데이터의 유효기간은 생성된 데이터가 유효한 기간을 나타낸다. 예를 들면, 추석연휴기간에 통행료를 무료로 하는 경우에, 해당 기간의 통행료 정보는 추석연휴기간에만 유효하다. 일부 도로 구간에서 공사로 인하여 통행이 제한되는 경우에, 해당 정보도 공사기간 동안에만 유효하다. 데이터에 따라서는 유효기간이 정해져있지 않는 것이 있다. 예를 들면, 어떤 기업의 법인등록번호, 주소 등은 유효기간이 정해져있지 않으므로, 유효기간은 미정으로 설정해둘 수 있다.The validity period of the data indicates the validity period of the generated data. For example, when tolls are free during the Chuseok holiday period, toll information for the corresponding period is valid only during the Chuseok holiday period. If traffic is restricted due to construction in some road sections, the information is valid only during the construction period. Some data do not have a fixed expiration date.
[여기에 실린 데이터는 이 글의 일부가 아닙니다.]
(* Let $\mathcal{X}\subseteq\mathbb{R}^d$ be nonempty, closed and convex, and let $f=\frac1n\sum_{i=1}^nf_i$, where each $f_i:\mathbb{R}^d\to\mathbb{R}$ is differentiable, $\mu_i$-strongly convex and $L_i$-smooth on an open convex set containing $\mathcal{X}$, with $0<\mu_i\le L_i$. Let $x_\star\in\operatorname{arg\,min}_{x\in\mathcal{X}}f(x)$, $x_{\star,i}\in\operatorname{arg\,min}_{x\in\mathcal{X}}f_i(x)$, and $D:=\max_i\|x_{\star,i}-x_\star\|$. Define $\theta_i:=\frac{2\sqrt{\mu_iL_i}}{L_i+\mu_i}$, $\rho_i:=\frac{L_i-\mu_i}{L_i+\mu_i}=\sqrt{1-\theta_i^2}$, $\bar\rho:=\frac1n\sum_{i=1}^n\rho_i$. Let $x_0\in\mathcal{X}$, let $i_k$ be sampled uniformly from $\{1,\dots,n\}$ independently of the past, and let $x_{k+1}\in\operatorname{arg\,min}_{z\in\mathcal{X}\cap\mathcal{B}(x_k,t_k)}\langle\nabla f_{i_k}(x_k),z\rangle$ with $t_k:=\theta_{i_k}\|x_k-x_{\star,i_k}\|$. Then for every $k\ge0$, $\|x_{k+1}-x_{\star,i_k}\|^2\le\rho_{i_k}^2\|x_k-x_{\star,i_k}\|^2$, and consequently $$\mathbb{E}\|x_k-x_\star\|\le\bar\rho^k\|x_0-x_\star\|+\frac{1+\bar\rho}{1-\bar\rho}D.$$
   Context: $\|\cdot\|$ is the Euclidean norm, $\mathcal{B}(x,t):=\{y:\|y-x\|\le t\}$; $L_i$-smooth: $\nabla f_i$ is $L_i$-Lipschitz; $\mu_i$-strongly convex: $f_i(y)\ge f_i(x)+\langle\nabla f_i(x),y-x\rangle+\frac{\mu_i}2\|y-x\|^2$. *)

From HB Require Import structures.
From mathcomp Require Import all_boot all_order all_algebra.
From mathcomp Require Import all_classical all_reals all_analysis.
Set Implicit Arguments. Unset Strict Implicit. Unset Printing Implicit Defensive.
Import Order.TTheory GRing.Theory Num.Theory.
Import numFieldNormedType.Exports.
Local Open Scope classical_set_scope.
Local Open Scope ring_scope.

(* Euclidean inner product and Euclidean norm (the library norm on matrices is
   the max norm, so we define the Euclidean one explicitly). *)
Definition dotv {R : realType} {d : nat} (u v : 'rV[R]_d) : R :=
  \sum_(j < d) u ord0 j * v ord0 j.

Definition enorm {R : realType} {d : nat} (u : 'rV[R]_d) : R :=
  Num.sqrt (dotv u u).

Definition eball {R : realType} {d : nat} (x : 'rV[R]_d) (t : R) : set 'rV[R]_d :=
  [set y | enorm (y - x) <= t].

Definition grad {R : realType} {d : nat} (f : 'rV[R]_d -> R) (x : 'rV[R]_d) : 'rV[R]_d :=
  \row_(j < d) ('d f x) (delta_mx ord0 j : 'rV[R]_d).

Definition convex_set_ {R : realType} {d : nat} (A : set 'rV[R]_d) : Prop :=
  forall x y t, A x -> A y -> 0 <= t -> t <= 1 -> A ((1 - t) *: x + t *: y).

Definition is_argmin {T : Type} {R : realType} (g : T -> R) (A : set T) (x : T) : Prop :=
  A x /\ forall y, A y -> g x <= g y.

Definition strongly_convex_on {R : realType} {d : nat} (mu : R) (f : 'rV[R]_d -> R)
  (U : set 'rV[R]_d) : Prop :=
  forall x y, U x -> U y ->
    f x + dotv (grad f x) (y - x) + mu / 2 * enorm (y - x) ^+ 2 <= f y.

Definition smooth_on {R : realType} {d : nat} (L : R) (f : 'rV[R]_d -> R)
  (U : set 'rV[R]_d) : Prop :=
  forall x y, U x -> U y -> enorm (grad f x - grad f y) <= L * enorm (x - y).

(* One step moves x_k to the minimizer z of the linear form <g, .>, g = grad f_i x_k,
   over X intersected with the ball B(x_k, theta_i r), r = |x_k - x_i*|.  Write
   h = grad f_i x_i*.  Co-coercivity of the gradient of a mu-strongly convex,
   L-smooth function, |g - h|^2 + mu L r^2 <= (L + mu) <g - h, x_k - x_i*>, bounds
   the angle between g - h and x_k - x_i* by arccos theta_i (AM-GM).  If z were
   outside B(x_i*, rho_i r), moving from z towards x_i* would stay in the ball around
   x_k (power of a point, theta_i^2 + rho_i^2 = 1), so <g, x_i* - z> >= 0; with the
   first-order condition <h, z - x_i*> >= 0 this leaves z - x_k no choice but to be
   the point of the ball antipodal to g - h, which lies in B(x_i*, rho_i r) after
   all.  The triangle inequality turns the contraction into
   |x_{k+1} - x*| <= rho_i |x_k - x*| + (1 + rho_i) D, and averaging over the index
   gives a linear recursion for the mean with rate rhobar and fixed point
   (1 + rhobar)/(1 - rhobar) D.

   Co-coercivity is usually derived from the descent lemma at reflected points,
   which need not lie in the open set U; it is proved on short subsegments of
   [a, b] instead and summed up with Cauchy-Schwarz. *)

From HB Require Import structures.
From mathcomp Require Import all_boot all_order all_algebra.
From mathcomp Require Import all_classical all_reals all_analysis.
From mathcomp Require Import ring lra.
Import Order.TTheory GRing.Theory Num.Theory.
Import numFieldNormedType.Exports.
Local Open Scope classical_set_scope.
Local Open Scope ring_scope.
Set Implicit Arguments. Unset Strict Implicit. Unset Printing Implicit Defensive.

Section Euclidean.
Variables (R : realType) (d : nat).
Implicit Types (u v w a b : 'rV[R]_d) (e t : R).

Lemma dotvC u v : dotv u v = dotv v u.
Proof. by apply: eq_bigr => j _; rewrite mulrC. Qed.

Lemma dotvDl u v w : dotv (u + v) w = dotv u w + dotv v w.
Proof. by rewrite /dotv -big_split; apply: eq_bigr => j _; rewrite !mxE mulrDl. Qed.

Lemma dotvDr u v w : dotv w (u + v) = dotv w u + dotv w v.
Proof. by rewrite dotvC dotvDl !(dotvC w). Qed.

Lemma dotvZl t u v : dotv (t *: u) v = t * dotv u v.
Proof. by rewrite /dotv mulr_sumr; apply: eq_bigr => j _; rewrite !mxE mulrA. Qed.

Lemma dotvZr t u v : dotv v (t *: u) = t * dotv v u.
Proof. by rewrite dotvC dotvZl dotvC. Qed.

Lemma dotvNl u v : dotv (- u) v = - dotv u v.
Proof. by rewrite -scaleN1r dotvZl mulN1r. Qed.

Lemma dotvNr u v : dotv v (- u) = - dotv v u.
Proof. by rewrite dotvC dotvNl dotvC. Qed.

Lemma dotvBl u v w : dotv (u - v) w = dotv u w - dotv v w.
Proof. by rewrite dotvDl dotvNl. Qed.

Lemma dotvBr u v w : dotv w (u - v) = dotv w u - dotv w v.
Proof. by rewrite dotvDr dotvNr. Qed.

Lemma dotv0l u : dotv 0 u = 0.
Proof. by rewrite /dotv big1 // => j _; rewrite mxE mul0r. Qed.

Lemma dotv_suml (I : Type) (r : seq I) (P : pred I) (q : I -> 'rV[R]_d) v :
  dotv (\sum_(i <- r | P i) q i) v = \sum_(i <- r | P i) dotv (q i) v.
Proof. exact: (big_morph _ (fun x y => dotvDl x y v) (dotv0l v)). Qed.

Lemma dotvv_ge0 u : 0 <= dotv u u.
Proof. by apply: sumr_ge0 => j _; rewrite -expr2 sqr_ge0. Qed.

Lemma dotvv_eq0 u : (dotv u u == 0) = (u == 0).
Proof.
apply/idP/eqP => [|->]; last by rewrite dotv0l.
rewrite psumr_eq0 => [/allP u0|j _]; last by rewrite -expr2 sqr_ge0.
apply/rowP => j; rewrite mxE.
by apply/eqP; rewrite -sqrf_eq0 expr2; exact: u0 (mem_index_enum _).
Qed.

Lemma dotvDD u v : dotv (u + v) (u + v) = dotv u u + 2 * dotv u v + dotv v v.
Proof. by rewrite !(dotvDl, dotvDr) (dotvC v u); ring. Qed.

Lemma dotv_double_le u v : 2 * dotv u v <= dotv u u + dotv v v.
Proof.
by have := dotvv_ge0 (u - v); rewrite !(dotvBl, dotvBr) (dotvC v u); lra.
Qed.

Lemma dotv_sum_le (m : nat) (q : 'I_m -> 'rV[R]_d) :
  dotv (\sum_(j < m) q j) (\sum_(j < m) q j) <= m%:R * \sum_(j < m) dotv (q j) (q j).
Proof.
rewrite dotv_suml; under eq_bigr do rewrite dotvC dotv_suml.
rewrite -(ler_pM2l (ltr0n _ 2)) mulr_sumr.
apply: le_trans (_ : \sum_j \sum_k (dotv (q k) (q k) + dotv (q j) (q j)) <= _).
  by apply: ler_sum => j _; rewrite mulr_sumr; apply: ler_sum => k _; apply: dotv_double_le.
under eq_bigr do rewrite big_split /= sumr_const card_ord.
rewrite big_split /= sumr_const card_ord sumrMnl -mulr_natl; lra.
Qed.

Lemma dotv_telescope_le (m : nat) (Q : nat -> 'rV[R]_d) u t :
  (forall j, (j < m)%N -> dotv (Q j.+1 - Q j) (Q j.+1 - Q j) <= t * dotv (Q j.+1 - Q j) u) ->
  dotv (Q m - Q 0%N) (Q m - Q 0%N) <= m%:R * t * dotv (Q m - Q 0%N) u.
Proof.
move=> hQ; rewrite -(telescope_sumr _ (leq0n m)) big_mkord.
apply: le_trans (dotv_sum_le _) _; rewrite -mulrA ler_wpM2l // dotv_suml mulr_sumr.
by apply: ler_sum => j _; exact: hQ.
Qed.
For example, since the validity period of a certain company's corporate registration number, address, etc. is not determined, the validity period may be set as undetermined.

데이터 분류부(110)는 입력되는 학습할 데이터의 속성을 분류하여 속성에 따라 서로 다른 데이터베이스(120a,..,120n)(또는 파일)에 저장해두거나, 학습할 데이터의 속성필드를 설정한다. 도 2에서는 주기별 데이터베이스, 즉 실시간으로 발생되는 실시간 데이터 DB(120a), 매일 발생되는 일간 데이터 DB(120b), 매주 발생되는 주간 데이터 DB(120c), 매년 발생되는 연간 데이터 DB(120n)를 예시적으로 보여주고 있다. The data classification unit 110 classifies input attributes of data to be learned and stores them in different databases 120a, .., 120n (or files) according to the attributes, or sets attribute fields of data to be learned. 2 illustrates a periodic database, that is, a real-time data DB 120a generated in real time, a daily data DB 120b generated every day, a weekly data DB 120c generated weekly, and an annual data DB 120n generated annually. showing hostility.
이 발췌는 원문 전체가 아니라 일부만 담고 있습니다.